Every project has them:
Some people are just not "process persons". They never do the same thing twice the same way
But more importantly: It would never occur to them to do the same thing twice the same way.
And, given a problem, they don't seek process; and really don't see why improvisation is not just as effective.
And, you couldn't label them "lean" either."Lean" requires process and tooling to minimize redundancy and non-value repetitions.

Nimble and opportunistic
If not process oriented, nonetheless these folks can be very opportunistic, grabbing onto a situation and solving it their way. Nimble, to be sure.

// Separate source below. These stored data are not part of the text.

(* There is no computable probability measure $\xi$ on $2^\omega$ such that for every computable $c\in[0,1]$ we have $\mathsf{MLR}_\xi\cap\mathsf{MLR}_{\mu_c}\neq\emptyset$. (In the paper's words: there is no computable mixture of Bernoulli measures that includes all computable Bernoulli measures.)
   Context: For $p\in[0,1]$ the Bernoulli measure $\mu_p$ on $2^\omega$ is determined by $\mu_p(\llbracket\sigma\rrbracket)=p^{\#_0(\sigma)}(1-p)^{\#_1(\sigma)}$, where $\#_i(\sigma)$ is the number of occurrences of $i$ in $\sigma$. For computable $\mu$, $\mathsf{MLR}_\mu$ denotes the set of $\mu$-Martin-Löf random sequences. *)

From Stdlib Require Import Reals List Arith.
Import ListNotations.
Open Scope R_scope.

Inductive code : Type :=
| CZero : code
| CSucc : code
| CProj : nat -> code
| CComp : code -> list code -> code
| CPrec : code -> code -> code
| CMu   : code -> code.

Inductive eval : code -> list nat -> nat -> Prop :=
| ev_zero : forall args, eval CZero args 0
| ev_succ : forall x args, eval CSucc (x :: args) (S x)
| ev_proj : forall i args, eval (CProj i) args (nth i args 0%nat)
| ev_comp : forall f gs args ys y,
    evals gs args ys -> eval f ys y -> eval (CComp f gs) args y
| ev_prec0 : forall f g args y,
    eval f args y -> eval (CPrec f g) (0%nat :: args) y
| ev_precS : forall f g n args r y,
    eval (CPrec f g) (n :: args) r ->
    eval g (n :: r :: args) y ->
    eval (CPrec f g) (S n :: args) y
| ev_mu : forall f args n,
    eval f (n :: args) 0%nat ->
    (forall m, (m < n)%nat -> exists k, eval f (m :: args) (S k)) ->
    eval (CMu f) args n
with evals : list code -> list nat -> list nat -> Prop :=
| evs_nil : forall args, evals [] args []
| evs_cons : forall g gs args y ys,
    eval g args y -> evals gs args ys -> evals (g :: gs) args (y :: ys).
(* Let $\delta:G_0\to G_1$ be an open continuous homomorphism of profinite groups with finite kernel. Let $H$ be a closed subgroup of $G_1$ and $\rho:H\to G_0$ a continuous homomorphism with $\delta\circ\rho$ equal to the inclusion $H\hookrightarrow G_1$. Then there exist an open subgroup $U\subset G_1$ containing $H$ and a continuous homomorphism $\rho':U\to G_0$ such that $\rho'|_H=\rho$ and $\delta\circ\rho'$ is the inclusion $U\hookrightarrow G_1$. *)

From Stdlib Require Import List.

Set Implicit Arguments.

Record TopGroup := {
  tg_car :> Type;
  tg_mul : tg_car -> tg_car -> tg_car;
  tg_one : tg_car;
  tg_inv : tg_car -> tg_car;
  tg_open : (tg_car -> Prop) -> Prop;
  tg_mulA : forall x y z, tg_mul x (tg_mul y z) = tg_mul (tg_mul x y) z;
  tg_mul1g : forall x, tg_mul tg_one x = x;
  tg_mulVg : forall x, tg_mul (tg_inv x) x = tg_one;
  tg_open_full : tg_open (fun _ => True);
  tg_open_union : forall F : (tg_car -> Prop) -> Prop,
      (forall U, F U -> tg_open U) -> tg_open (fun x => exists U, F U /\ U x);
  tg_open_inter : forall U V, tg_open U -> tg_open V ->
      tg_open (fun x => U x /\ V x);
  tg_mul_cont : forall W x y, tg_open W -> W (tg_mul x y) ->
      exists U V, tg_open U /\ tg_open V /\ U x /\ V y /\
        (forall a b, U a -> V b -> W (tg_mul a b));
  tg_inv_cont : forall W, tg_open W -> tg_open (fun x => W (tg_inv x))
}.

Arguments tg_mul {t}.
Arguments tg_one {t}.
Arguments tg_inv {t}.
Arguments tg_open {t}.

Definition compact (G : TopGroup) : Prop :=
  forall F : (G -> Prop) -> Prop,
    (forall U, F U -> tg_open U) ->
    (forall x : G, exists U, F U /\ U x) ->
    exists l : list (G -> Prop),
      (forall U, In U l -> F U) /\ (forall x : G, exists U, In U l /\ U x).

Definition hausdorff (G : TopGroup) : Prop :=
  forall x y : G, x <> y ->
    exists U V, tg_open U /\ tg_open V /\ U x /\ V y /\
      (forall z, U z -> V z -> False).

Definition connected_subset {G : TopGroup} (S : G -> Prop) : Prop :=
  ~ exists U V, tg_open U /\ tg_open V /\
      (forall x, S x -> U x \/ V x) /\
      (exists x, S x /\ U x) /\ (exists x, S x /\ V x) /\
      (forall x, S x -> U x -> V x -> False).

Definition totally_disconnected (G : TopGroup) : Prop :=
  forall S : G -> Prop, connected_subset S ->
    forall x y, S x -> S y -> x = y.

Definition profinite (G : TopGroup) : Prop :=
  compact G /\ hausdorff G /\ totally_disconnected G.

Definition subgroup {G : TopGroup} (H : G -> Prop) : Prop :=
  H tg_one /\ (forall x y, H x -> H y -> H (tg_mul x y)) /\
  (forall x, H x -> H (tg_inv x)).

Definition closed_subgroup {G : TopGroup} (H : G -> Prop) : Prop :=
  subgroup H /\ tg_open (fun x => ~ H x).

Definition open_subgroup {G : TopGroup} (H : G -> Prop) : Prop :=
  subgroup H /\ tg_open H.

Definition continuous {G K : TopGroup} (f : G -> K) : Prop :=
  forall W, tg_open W -> tg_open (fun x => W (f x)).

Definition open_map {G K : TopGroup} (f : G -> K) : Prop :=
  forall U, tg_open U -> tg_open (fun y => exists x, U x /\ f x = y).

Definition homomorphism {G K : TopGroup} (f : G -> K) : Prop :=
  forall x y, f (tg_mul x y) = tg_mul (f x) (f y).

Definition finite_kernel {G K : TopGroup} (f : G -> K) : Prop :=
  exists l : list G, forall x, f x = tg_one -> In x l.

(* A map H -> K defined on a subgroup H of G, represented by a total function
   f : G -> K of which only the values on H matter.  It is a continuous
   homomorphism for the subspace topology on H. *)
Definition hom_on {G K : TopGroup} (H : G -> Prop) (f : G -> K) : Prop :=
  forall x y, H x -> H y -> f (tg_mul x y) = tg_mul (f x) (f y).

Definition continuous_on {G K : TopGroup} (H : G -> Prop) (f : G -> K) : Prop :=
  forall W, tg_open W ->
    exists O, tg_open O /\ (forall x, H x -> (W (f x) <-> O x)).

From Stdlib Require Import List Classical.
From Stdlib Require Import FunctionalExtensionality PropExtensionality ClassicalEpsilon.

(* Choose an open normal subgroup N of G0 meeting the finite kernel of delta only
   in 1, and then an open normal N' inside N so small that rho maps the elements of
   H lying in delta(N') into N (continuity of rho).  The open subgroup W = rho(H) N'
   then meets ker delta trivially, so delta maps W isomorphically onto the open
   subgroup U = delta(W) containing H, and rho' is the inverse of delta on W.
   Small open normal subgroups exist because a profinite group has a basis of
   clopen neighbourhoods of 1 (quasi-components of a compact Hausdorff space are
   connected, hence points), every clopen neighbourhood of 1 contains an open
   subgroup, and an open subgroup has only finitely many conjugates. *)

Set Implicit Arguments.
Unset Strict Implicit.

Local Notation "x ** y" := (tg_mul x y) (at level 40, left associativity).
Local Notation one := tg_one.
Local Notation inv := tg_inv.

Section Group.
Variable G : TopGroup.

Lemma mulA (x y z : G) : x ** (y ** z) = x ** y ** z.
Proof. apply tg_mulA. Qed.

Lemma mul1g (x : G) : one ** x = x.
Proof. apply tg_mul1g. Qed.

Lemma mulVg (x : G) : inv x ** x = one.
Proof. apply tg_mulVg. Qed.

Lemma mulgV (x : G) : x ** inv x = one.
Proof.
  transitivity ((inv (inv x) ** inv x) ** (x ** inv x)).
  - rewrite mulVg, mul1g. reflexivity.
  - rewrite <- mulA, (mulA (inv x) x), mulVg, mul1g, mulVg. reflexivity.
Qed.

Lemma mulg1 (x : G) : x ** one = x.
Proof. rewrite <- (mulVg x), mulA, mulgV, mul1g. reflexivity. Qed.

Lemma mulKg (x y : G) : inv x ** (x ** y) = y.
Proof. rewrite mulA, mulVg, mul1g. reflexivity. Qed.

Lemma mulKVg (x y : G) : x ** (inv x ** y) = y.
Proof. rewrite mulA, mulgV, mul1g. reflexivity. Qed.

Lemma mulg_cancel (x y z : G) : x ** y = x ** z -> y = z.
Proof. intro E. rewrite <- (mulKg x y), E, mulKg. reflexivity. Qed.

Lemma inv_uniq (x y : G) : x ** y = one -> y = inv x.
Proof. intro E. apply (mulg_cancel (x := x)). rewrite E, mulgV. reflexivity. Qed.

Lemma invgK (x : G) : inv (inv x) = x.
Proof. symmetry. apply inv_uniq, mulVg. Qed.

Lemma invgM (x y : G) : inv (x ** y) = inv y ** inv x.
Proof.
  symmetry. apply inv_uniq.
  rewrite <- mulA, (mulA y), mulgV, mul1g, mulgV. reflexivity.
Qed.

Lemma invg1 : inv one = one :> G.
Proof. symmetry. apply inv_uniq, mul1g. Qed.

Lemma eq_of_mulVg1 (x y : G) : inv x ** y = one -> x = y.
Proof. intro E. apply inv_uniq in E. rewrite invgK in E. auto. Qed.

Lemma idem_one (x : G) : x = x ** x -> x = one.
Proof. intro E. symmetry. apply (mulg_cancel (x := x)). rewrite mulg1. auto. Qed.

End Group.

#[local] Hint Rewrite invgM invgK mulKg mulKVg mulVg mulgV mul1g mulg1 invg1 : grp.
#[local] Hint Rewrite <- mulA : grp.
Ltac grp := autorewrite with grp; try reflexivity.

Section Morphism.
Variables G K : TopGroup.
Variable f : G -> K.

Lemma hom_on_one (H : G -> Prop) : H one -> hom_on H f -> f one = one.
Proof. intros H1 hf. apply idem_one. rewrite <- hf, mul1g; auto. Qed.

And, what's wrong with nimble and opportunistic?
Perhaps nothing the first time through.

Qualities you might value
But reducing whatever you are doing to its most effective process adds reliability, predictability, and portability---the ability to make the process work with others and other situations.
And, I might add: fairness---all is treated the same way, insofar as any process can be bias free

Frustrations
Did I mention that it's really hard to put together a team of non-process people? In the first place, teamwork brings a certain process orientation with it. And, in the second place, values don't align well.
"Getting it done" collides with reliability, predictability, portability, and fairness
Beware collisions!

The worst thing
The worst thing is when the team leader is not a process person; their disdain or disregard or insensitivity to process undercuts all else, leaving the "process people" with uncertain support or value-add. Bummer!